Search code examples
pandasapache-sparkdatabricksetldelta-lake

Unreasonable memory consumption for delta lake on pandas


I am working on Databricks using Delta Lake.

I have a dataset that is approx 1.9GB in size (parquet format). I am trying to convert this dataset to a Delta Table and I was able to successfully create such table with spark without any problems.

This dataset is used in a pretty standard ETL pipeline.

However, in my specific use case (due to some legacy code that works only in pandas), some processing requires pandas, so what I was willing to do is to cast my delta table from spark to pandas using my_pandas_df = my_delta_table.select("*").toPandas().

The code works fine, but I noticed an unreasonable consumption of memory because of this command.

If I read the original parquet dataset with pandas.read_parquet() I have this memory footprint on my databricks cluster: Pandas read parquet memory footprint

However, if I read the Delta Table with Spark and then cast it to pandas, I obtain this very different memory footprint: Delta table memory footprint

As you might notice, the memory consumption is MUCH higher for the same identical dataset. Considering that Delta is using parquet files under the hood, I can't understand why there is such a huge difference in memory consumption for the same identical data.

Any ideas?


Solution

  • In the end I solved the problem by relying of the delta-rs library for python.
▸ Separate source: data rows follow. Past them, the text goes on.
Lemma peak_base_bounds m t : (1 <= m)%nat -> 0 <= t <= 1 ->
  0 < peak_base m (cos t - sin t) <= 1 /\
  peak_base m (cos t - sin t) ^ 2 * (peak_width m ^ 2 + t ^ 2) <= 5 * peak_width m ^ 2.
Proof.
  intros Hm Ht; destruct (fejer_decay m t Hm Ht) as [[HG0 HG1] HGt].
  pose proof (peak_width_pos m Hm) as Hw.
  unfold peak_base; set (G := fejer m (cos t - sin t)) in *; set (w := peak_width m) in *.
  assert (Hg_le : (G + w / 2) / (1 + w / 2) <= G + w / 2).
  { apply Rmult_le_reg_r with (1 + w / 2); [lra|].
    unfold Rdiv; rewrite Rmult_assoc, Rinv_l; nra. }
  assert (Hg1 : (G + w / 2) / (1 + w / 2) <= 1).
  { apply Rmult_le_reg_r with (1 + w / 2); [lra|].
    unfold Rdiv; rewrite Rmult_assoc, Rinv_l; lra. }
  assert (Hg0 : 0 < (G + w / 2) / (1 + w / 2)) by (apply Rdiv_lt_0_compat; lra).
  set (g := (G + w / 2) / (1 + w / 2)) in *.
  split; [lra|].
  assert (Hg2 : g ^ 2 <= 1) by nra.
  assert (Hgw : g ^ 2 * w ^ 2 <= 1 * w ^ 2) by (apply Rmult_le_compat_r; nra).
  assert (Hgt : g * t <= 2 * w).
  { assert (g * t <= (G + w / 2) * t) by (apply Rmult_le_compat_r; lra). nra. }
  assert (0 <= g * t) by (apply Rmult_le_pos; lra).
  assert (g ^ 2 * t ^ 2 <= 4 * w ^ 2) by nra.
  nra.
Qed.

Lemma RiemannInt_lorentz_le c w : 0 <= c -> 0 < w ->
  exists pr : Riemann_integrable (fun t => c * w ^ 2 / (w ^ 2 + t ^ 2)) 0 1,
    RiemannInt pr <= 2 * c * w.
Proof.
  intros Hc Hw.
  assert (H : is_RInt (fun t => c * w ^ 2 / (w ^ 2 + t ^ 2)) 0 1
                (minus (c * w * atan (1 / w)) (c * w * atan (0 / w)))).
  { apply (is_RInt_derive (fun t => c * w * atan (t / w))).
    - intros x _; auto_derive; [lra|field; split; [nra|lra]].
    - intros x _; apply (ex_derive_continuous (K := R_AbsRing) (V := R_NormedModule)).
      auto_derive; nra. }
  exists (ex_RInt_Reals_0 _ _ _ (ex_intro _ _ H)).
  rewrite <- RInt_Reals, (is_RInt_unique _ _ _ _ H).
  unfold minus, plus, opp; simpl.
  replace (0 / w) with 0 by (field; lra); rewrite atan_0.
  pose proof (atan_bound (1 / w)); pose proof PI_4.
  assert (0 <= c * w) by (apply Rmult_le_pos; lra).
  nra.
Qed.

Lemma Rpower_pow_le_sqr g p q : 0 < g <= 1 -> 0 < q -> 2 <= INR p * q ->
  Rpower (g ^ p) q <= g ^ 2.
Proof.
  intros Hg Hq Hpq; unfold Rpower.
  rewrite <- (exp_ln (g ^ 2)) by (apply pow_lt; lra).
  rewrite !ln_pow by lra.
  assert (Hln : ln g <= 0) by (rewrite <- ln_1; apply ln_le; lra).
  assert (Hexp : q * (INR p * ln g) <= INR 2 * ln g) by (simpl; nra).
  destruct (Rle_lt_or_eq_dec _ _ Hexp) as [Hlt| ->];
    [left; now apply exp_increasing|right; reflexivity].
Qed.

Lemma peak_Rpower_continuous m p q t : (1 <= m)%nat -> 0 <= t <= 1 ->
  continuity_pt (fun t => Rpower (peak_base m (cos t - sin t) ^ p) q) t.
Proof.
  intros Hm Ht.
  assert (Hpos : 0 < peak_base m (cos t - sin t) ^ p)
    by (apply pow_lt; apply (peak_base_bounds m t Hm Ht)).
  change (continuity_pt (Ranalysis1.comp (fun u => Rpower u q)
                           (fun t => peak_base m (cos t - sin t) ^ p)) t).
  apply continuity_pt_comp.
  - change (continuity_pt (Ranalysis1.comp (fun x => peak_base m x ^ p)
                             (fun t => cos t - sin t)) t).
    apply continuity_pt_comp.
    + apply continuity_pt_minus; [apply continuity_cos|apply continuity_sin].
    + apply (is_poly_continuous _ _ (peak_is_poly m p)).
  - apply continuity_pt_filterlim.
    change (continuous (fun u => exp (q * ln u)) (peak_base m (cos t - sin t) ^ p)).
    apply (ex_derive_continuous (K := R_AbsRing) (V := R_NormedModule)).
    auto_derive; exact Hpos.
Qed.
    I ran the following code:

    !pip install deltalake # Just to report which library I installed and how
    
    from deltalake import DeltaTable
    
    dt = DeltaTable("path_to_my_table/")
    pandas_table = dt.to_pandas()
    

    This way I was able to cast a delta table to pandas without having memory leakage and in a reasonable time (8millions rows x 400 columns loaded in 5 minutes).

    NB: Be extra careful about partitioning in your underlying parquet files in the Delta table. It highly impacts the performance of the reading!